#### Brief
Repeat the stretch of entries below from the line with "freezing the future" through the line with "Lemma upd_id o j : upd o j (o j) = o.". Include both ends and add nothing.

============

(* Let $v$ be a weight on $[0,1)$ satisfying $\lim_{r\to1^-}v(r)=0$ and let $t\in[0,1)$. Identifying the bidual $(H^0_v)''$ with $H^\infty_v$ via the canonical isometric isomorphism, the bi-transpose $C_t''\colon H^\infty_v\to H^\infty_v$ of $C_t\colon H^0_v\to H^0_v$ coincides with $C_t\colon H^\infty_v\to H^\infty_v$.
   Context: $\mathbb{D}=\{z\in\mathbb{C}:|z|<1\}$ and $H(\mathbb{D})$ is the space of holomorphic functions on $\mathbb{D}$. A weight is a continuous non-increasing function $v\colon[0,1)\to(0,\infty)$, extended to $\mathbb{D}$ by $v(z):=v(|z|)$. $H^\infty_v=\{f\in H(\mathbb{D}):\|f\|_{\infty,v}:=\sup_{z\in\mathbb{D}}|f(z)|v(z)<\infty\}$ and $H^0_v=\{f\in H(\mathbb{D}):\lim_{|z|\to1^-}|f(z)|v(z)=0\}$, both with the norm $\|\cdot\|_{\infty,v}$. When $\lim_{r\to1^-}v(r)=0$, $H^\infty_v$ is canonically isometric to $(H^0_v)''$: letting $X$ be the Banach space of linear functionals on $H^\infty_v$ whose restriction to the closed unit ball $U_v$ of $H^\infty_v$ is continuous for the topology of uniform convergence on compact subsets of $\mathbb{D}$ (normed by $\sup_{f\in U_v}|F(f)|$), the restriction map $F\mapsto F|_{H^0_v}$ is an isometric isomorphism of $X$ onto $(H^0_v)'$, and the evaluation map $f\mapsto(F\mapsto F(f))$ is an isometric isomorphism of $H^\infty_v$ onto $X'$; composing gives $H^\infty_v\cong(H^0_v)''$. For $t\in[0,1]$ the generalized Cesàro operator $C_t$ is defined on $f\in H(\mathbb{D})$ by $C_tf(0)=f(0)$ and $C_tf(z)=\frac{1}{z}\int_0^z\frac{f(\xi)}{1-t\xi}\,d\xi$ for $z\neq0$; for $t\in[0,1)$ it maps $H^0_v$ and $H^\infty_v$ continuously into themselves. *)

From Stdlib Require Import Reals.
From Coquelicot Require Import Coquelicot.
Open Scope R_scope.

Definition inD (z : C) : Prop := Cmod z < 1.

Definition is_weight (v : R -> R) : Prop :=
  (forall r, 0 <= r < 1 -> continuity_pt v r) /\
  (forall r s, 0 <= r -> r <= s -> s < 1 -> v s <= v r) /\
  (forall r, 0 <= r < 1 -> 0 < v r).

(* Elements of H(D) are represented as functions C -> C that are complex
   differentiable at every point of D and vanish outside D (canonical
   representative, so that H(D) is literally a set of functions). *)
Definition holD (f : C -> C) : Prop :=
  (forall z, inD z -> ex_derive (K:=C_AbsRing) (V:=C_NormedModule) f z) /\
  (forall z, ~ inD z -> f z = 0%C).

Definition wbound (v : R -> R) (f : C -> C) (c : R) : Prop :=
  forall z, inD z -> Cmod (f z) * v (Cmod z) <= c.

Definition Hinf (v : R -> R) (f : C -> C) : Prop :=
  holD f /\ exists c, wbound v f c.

============

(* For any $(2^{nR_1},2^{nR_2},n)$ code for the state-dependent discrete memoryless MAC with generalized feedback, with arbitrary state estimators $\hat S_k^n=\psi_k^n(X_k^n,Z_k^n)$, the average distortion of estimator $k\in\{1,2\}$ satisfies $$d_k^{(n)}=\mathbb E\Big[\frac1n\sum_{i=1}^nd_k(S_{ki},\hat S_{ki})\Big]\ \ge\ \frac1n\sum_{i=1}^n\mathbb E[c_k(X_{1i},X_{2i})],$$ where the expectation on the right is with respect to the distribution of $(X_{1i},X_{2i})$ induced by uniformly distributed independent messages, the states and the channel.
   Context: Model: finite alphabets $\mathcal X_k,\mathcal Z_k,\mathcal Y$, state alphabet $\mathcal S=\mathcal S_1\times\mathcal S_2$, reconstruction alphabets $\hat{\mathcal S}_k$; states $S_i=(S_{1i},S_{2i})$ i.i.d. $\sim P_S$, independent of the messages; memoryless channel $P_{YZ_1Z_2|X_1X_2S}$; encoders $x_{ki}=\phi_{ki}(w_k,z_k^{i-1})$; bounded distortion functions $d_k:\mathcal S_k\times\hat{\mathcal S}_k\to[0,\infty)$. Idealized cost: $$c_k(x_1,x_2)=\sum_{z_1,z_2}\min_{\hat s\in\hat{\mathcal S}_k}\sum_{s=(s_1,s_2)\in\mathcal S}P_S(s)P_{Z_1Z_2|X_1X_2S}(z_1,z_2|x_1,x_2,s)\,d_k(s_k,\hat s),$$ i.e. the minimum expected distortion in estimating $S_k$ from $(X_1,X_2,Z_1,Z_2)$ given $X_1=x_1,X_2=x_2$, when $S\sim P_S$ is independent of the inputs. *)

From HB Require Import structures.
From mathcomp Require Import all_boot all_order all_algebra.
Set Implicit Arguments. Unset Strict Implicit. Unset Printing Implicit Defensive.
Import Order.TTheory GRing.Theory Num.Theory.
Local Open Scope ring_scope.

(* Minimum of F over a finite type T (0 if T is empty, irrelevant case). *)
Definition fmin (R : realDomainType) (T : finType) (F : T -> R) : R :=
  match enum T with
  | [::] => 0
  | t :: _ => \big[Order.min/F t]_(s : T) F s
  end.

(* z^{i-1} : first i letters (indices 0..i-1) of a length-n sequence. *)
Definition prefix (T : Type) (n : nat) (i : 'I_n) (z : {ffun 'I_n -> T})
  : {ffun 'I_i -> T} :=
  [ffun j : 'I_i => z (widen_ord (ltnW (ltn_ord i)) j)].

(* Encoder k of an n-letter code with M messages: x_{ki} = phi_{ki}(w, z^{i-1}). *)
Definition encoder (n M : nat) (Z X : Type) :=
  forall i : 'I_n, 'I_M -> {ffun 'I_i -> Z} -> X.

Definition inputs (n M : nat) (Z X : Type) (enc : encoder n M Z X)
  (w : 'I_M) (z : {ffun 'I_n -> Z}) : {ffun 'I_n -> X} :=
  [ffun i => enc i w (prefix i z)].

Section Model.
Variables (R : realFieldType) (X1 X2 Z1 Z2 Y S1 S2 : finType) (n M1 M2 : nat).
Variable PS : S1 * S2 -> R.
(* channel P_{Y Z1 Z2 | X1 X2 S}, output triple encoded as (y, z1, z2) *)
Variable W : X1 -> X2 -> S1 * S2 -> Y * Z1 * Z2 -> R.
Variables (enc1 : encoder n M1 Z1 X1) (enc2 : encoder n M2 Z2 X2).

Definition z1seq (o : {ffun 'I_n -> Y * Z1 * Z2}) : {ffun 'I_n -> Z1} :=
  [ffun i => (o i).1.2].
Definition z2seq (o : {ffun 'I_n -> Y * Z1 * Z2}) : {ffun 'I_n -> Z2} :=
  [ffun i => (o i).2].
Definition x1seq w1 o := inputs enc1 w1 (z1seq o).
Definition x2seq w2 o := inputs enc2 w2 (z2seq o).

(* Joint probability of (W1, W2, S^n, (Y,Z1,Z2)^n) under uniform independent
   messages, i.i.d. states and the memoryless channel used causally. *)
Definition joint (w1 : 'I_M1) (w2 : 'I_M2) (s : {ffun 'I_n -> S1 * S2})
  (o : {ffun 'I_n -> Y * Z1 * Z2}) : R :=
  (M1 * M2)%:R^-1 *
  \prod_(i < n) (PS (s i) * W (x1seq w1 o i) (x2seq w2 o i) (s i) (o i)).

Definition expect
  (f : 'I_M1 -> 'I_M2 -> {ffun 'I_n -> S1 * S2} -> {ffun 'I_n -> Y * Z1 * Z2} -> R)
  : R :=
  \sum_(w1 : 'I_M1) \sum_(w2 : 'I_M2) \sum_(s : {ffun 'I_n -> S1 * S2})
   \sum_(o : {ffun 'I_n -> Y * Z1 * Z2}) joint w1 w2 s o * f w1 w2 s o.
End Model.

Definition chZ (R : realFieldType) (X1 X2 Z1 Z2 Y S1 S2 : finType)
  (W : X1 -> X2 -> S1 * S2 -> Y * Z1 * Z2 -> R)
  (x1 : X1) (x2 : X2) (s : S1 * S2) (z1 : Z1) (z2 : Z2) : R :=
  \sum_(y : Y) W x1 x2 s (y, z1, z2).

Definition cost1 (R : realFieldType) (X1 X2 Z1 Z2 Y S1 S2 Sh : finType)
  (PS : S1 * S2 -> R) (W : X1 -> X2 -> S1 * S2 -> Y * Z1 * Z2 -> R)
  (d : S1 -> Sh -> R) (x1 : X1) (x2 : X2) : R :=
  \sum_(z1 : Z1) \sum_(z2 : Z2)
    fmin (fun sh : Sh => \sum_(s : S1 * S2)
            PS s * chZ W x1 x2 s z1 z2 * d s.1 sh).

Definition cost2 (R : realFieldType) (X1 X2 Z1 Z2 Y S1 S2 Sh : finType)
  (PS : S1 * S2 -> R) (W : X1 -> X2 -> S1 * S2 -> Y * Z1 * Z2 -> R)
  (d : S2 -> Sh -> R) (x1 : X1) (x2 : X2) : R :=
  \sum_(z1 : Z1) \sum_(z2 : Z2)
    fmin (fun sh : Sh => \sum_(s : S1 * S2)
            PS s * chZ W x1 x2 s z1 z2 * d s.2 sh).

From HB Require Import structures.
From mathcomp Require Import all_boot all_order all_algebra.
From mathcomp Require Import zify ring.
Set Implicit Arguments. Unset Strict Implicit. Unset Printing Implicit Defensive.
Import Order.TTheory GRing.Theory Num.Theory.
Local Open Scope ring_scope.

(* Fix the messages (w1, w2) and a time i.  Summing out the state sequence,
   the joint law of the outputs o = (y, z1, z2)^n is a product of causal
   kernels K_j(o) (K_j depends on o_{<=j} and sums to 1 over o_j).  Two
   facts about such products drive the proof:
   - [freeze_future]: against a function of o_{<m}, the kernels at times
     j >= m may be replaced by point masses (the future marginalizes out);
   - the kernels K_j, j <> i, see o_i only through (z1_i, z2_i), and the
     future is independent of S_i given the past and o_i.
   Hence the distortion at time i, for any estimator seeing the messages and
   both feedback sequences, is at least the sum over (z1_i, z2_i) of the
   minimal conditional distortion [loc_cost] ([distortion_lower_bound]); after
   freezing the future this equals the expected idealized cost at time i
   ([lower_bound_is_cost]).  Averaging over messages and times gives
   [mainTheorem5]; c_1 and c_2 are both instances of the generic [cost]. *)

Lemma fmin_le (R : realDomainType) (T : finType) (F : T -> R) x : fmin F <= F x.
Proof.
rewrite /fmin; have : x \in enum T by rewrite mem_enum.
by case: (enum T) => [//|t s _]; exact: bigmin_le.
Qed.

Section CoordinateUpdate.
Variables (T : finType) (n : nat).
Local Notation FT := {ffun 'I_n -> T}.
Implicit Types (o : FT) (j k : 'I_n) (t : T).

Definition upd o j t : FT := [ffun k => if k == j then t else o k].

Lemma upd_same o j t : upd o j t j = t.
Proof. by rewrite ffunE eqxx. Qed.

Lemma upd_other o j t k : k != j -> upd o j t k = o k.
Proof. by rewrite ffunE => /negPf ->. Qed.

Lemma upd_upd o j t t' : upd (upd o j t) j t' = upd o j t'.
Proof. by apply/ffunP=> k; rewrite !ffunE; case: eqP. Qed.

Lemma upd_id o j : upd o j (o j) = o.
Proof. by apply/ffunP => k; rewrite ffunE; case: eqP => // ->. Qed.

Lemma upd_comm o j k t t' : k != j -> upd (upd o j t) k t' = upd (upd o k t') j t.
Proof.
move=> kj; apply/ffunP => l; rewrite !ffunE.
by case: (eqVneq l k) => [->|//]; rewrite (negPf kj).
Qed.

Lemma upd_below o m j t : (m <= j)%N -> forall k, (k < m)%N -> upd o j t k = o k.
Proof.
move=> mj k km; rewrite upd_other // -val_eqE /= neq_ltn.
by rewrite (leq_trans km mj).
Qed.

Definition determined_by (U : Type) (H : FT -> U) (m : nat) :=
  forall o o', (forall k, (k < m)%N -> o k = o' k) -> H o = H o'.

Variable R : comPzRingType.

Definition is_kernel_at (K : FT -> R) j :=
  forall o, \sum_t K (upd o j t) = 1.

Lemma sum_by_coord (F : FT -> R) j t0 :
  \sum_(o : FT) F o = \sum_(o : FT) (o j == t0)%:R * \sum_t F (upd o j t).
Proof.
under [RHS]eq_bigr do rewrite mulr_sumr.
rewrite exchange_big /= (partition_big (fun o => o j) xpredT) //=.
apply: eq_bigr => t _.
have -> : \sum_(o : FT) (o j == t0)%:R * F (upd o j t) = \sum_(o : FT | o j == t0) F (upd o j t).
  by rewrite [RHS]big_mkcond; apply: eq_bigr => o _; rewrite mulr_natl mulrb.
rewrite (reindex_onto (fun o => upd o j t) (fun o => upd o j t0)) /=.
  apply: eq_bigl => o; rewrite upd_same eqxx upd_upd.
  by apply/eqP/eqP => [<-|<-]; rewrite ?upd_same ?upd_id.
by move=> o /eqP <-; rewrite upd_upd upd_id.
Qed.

============

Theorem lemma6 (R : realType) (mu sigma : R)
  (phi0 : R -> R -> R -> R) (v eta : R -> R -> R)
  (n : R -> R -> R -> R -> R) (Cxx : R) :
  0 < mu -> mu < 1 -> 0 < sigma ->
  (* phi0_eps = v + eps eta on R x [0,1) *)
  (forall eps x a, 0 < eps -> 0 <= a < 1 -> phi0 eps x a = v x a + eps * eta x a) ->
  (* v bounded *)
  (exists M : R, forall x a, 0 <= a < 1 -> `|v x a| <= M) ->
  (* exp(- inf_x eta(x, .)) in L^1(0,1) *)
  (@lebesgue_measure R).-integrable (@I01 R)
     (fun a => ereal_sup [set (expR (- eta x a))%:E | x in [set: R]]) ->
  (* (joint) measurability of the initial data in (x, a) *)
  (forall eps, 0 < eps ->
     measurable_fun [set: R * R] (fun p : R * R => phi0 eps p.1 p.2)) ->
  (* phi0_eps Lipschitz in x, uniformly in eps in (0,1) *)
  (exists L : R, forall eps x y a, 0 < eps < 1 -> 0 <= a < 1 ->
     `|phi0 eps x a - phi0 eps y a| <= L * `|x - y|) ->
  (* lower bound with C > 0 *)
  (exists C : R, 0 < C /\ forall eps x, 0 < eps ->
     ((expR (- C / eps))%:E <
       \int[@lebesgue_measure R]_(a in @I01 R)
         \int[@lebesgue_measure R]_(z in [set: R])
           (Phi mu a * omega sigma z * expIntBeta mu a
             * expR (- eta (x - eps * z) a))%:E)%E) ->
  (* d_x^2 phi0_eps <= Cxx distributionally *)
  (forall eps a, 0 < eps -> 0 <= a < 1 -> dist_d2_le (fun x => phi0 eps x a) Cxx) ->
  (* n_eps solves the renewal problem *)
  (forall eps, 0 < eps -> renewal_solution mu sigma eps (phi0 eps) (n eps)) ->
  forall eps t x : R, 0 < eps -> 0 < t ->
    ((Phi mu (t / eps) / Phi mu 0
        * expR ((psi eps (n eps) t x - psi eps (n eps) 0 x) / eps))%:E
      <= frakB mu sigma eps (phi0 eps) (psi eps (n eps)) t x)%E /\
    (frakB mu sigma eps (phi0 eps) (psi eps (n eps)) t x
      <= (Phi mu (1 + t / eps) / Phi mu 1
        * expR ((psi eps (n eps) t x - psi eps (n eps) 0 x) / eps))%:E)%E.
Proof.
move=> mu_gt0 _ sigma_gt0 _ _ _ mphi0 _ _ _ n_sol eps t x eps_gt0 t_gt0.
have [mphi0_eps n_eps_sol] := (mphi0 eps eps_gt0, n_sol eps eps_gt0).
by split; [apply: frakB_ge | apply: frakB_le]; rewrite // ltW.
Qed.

============

#### Task solution
   freezing the future this equals the expected idealized cost at time i
   ([lower_bound_is_cost]).  Averaging over messages and times gives
   [mainTheorem5]; c_1 and c_2 are both instances of the generic [cost]. *)

Lemma fmin_le (R : realDomainType) (T : finType) (F : T -> R) x : fmin F <= F x.
Proof.
rewrite /fmin; have : x \in enum T by rewrite mem_enum.
by case: (enum T) => [//|t s _]; exact: bigmin_le.
Qed.

Section CoordinateUpdate.
Variables (T : finType) (n : nat).
Local Notation FT := {ffun 'I_n -> T}.
Implicit Types (o : FT) (j k : 'I_n) (t : T).

Definition upd o j t : FT := [ffun k => if k == j then t else o k].

Lemma upd_same o j t : upd o j t j = t.
Proof. by rewrite ffunE eqxx. Qed.

Lemma upd_other o j t k : k != j -> upd o j t k = o k.
Proof. by rewrite ffunE => /negPf ->. Qed.

Lemma upd_upd o j t t' : upd (upd o j t) j t' = upd o j t'.
Proof. by apply/ffunP=> k; rewrite !ffunE; case: eqP. Qed.

Lemma upd_id o j : upd o j (o j) = o.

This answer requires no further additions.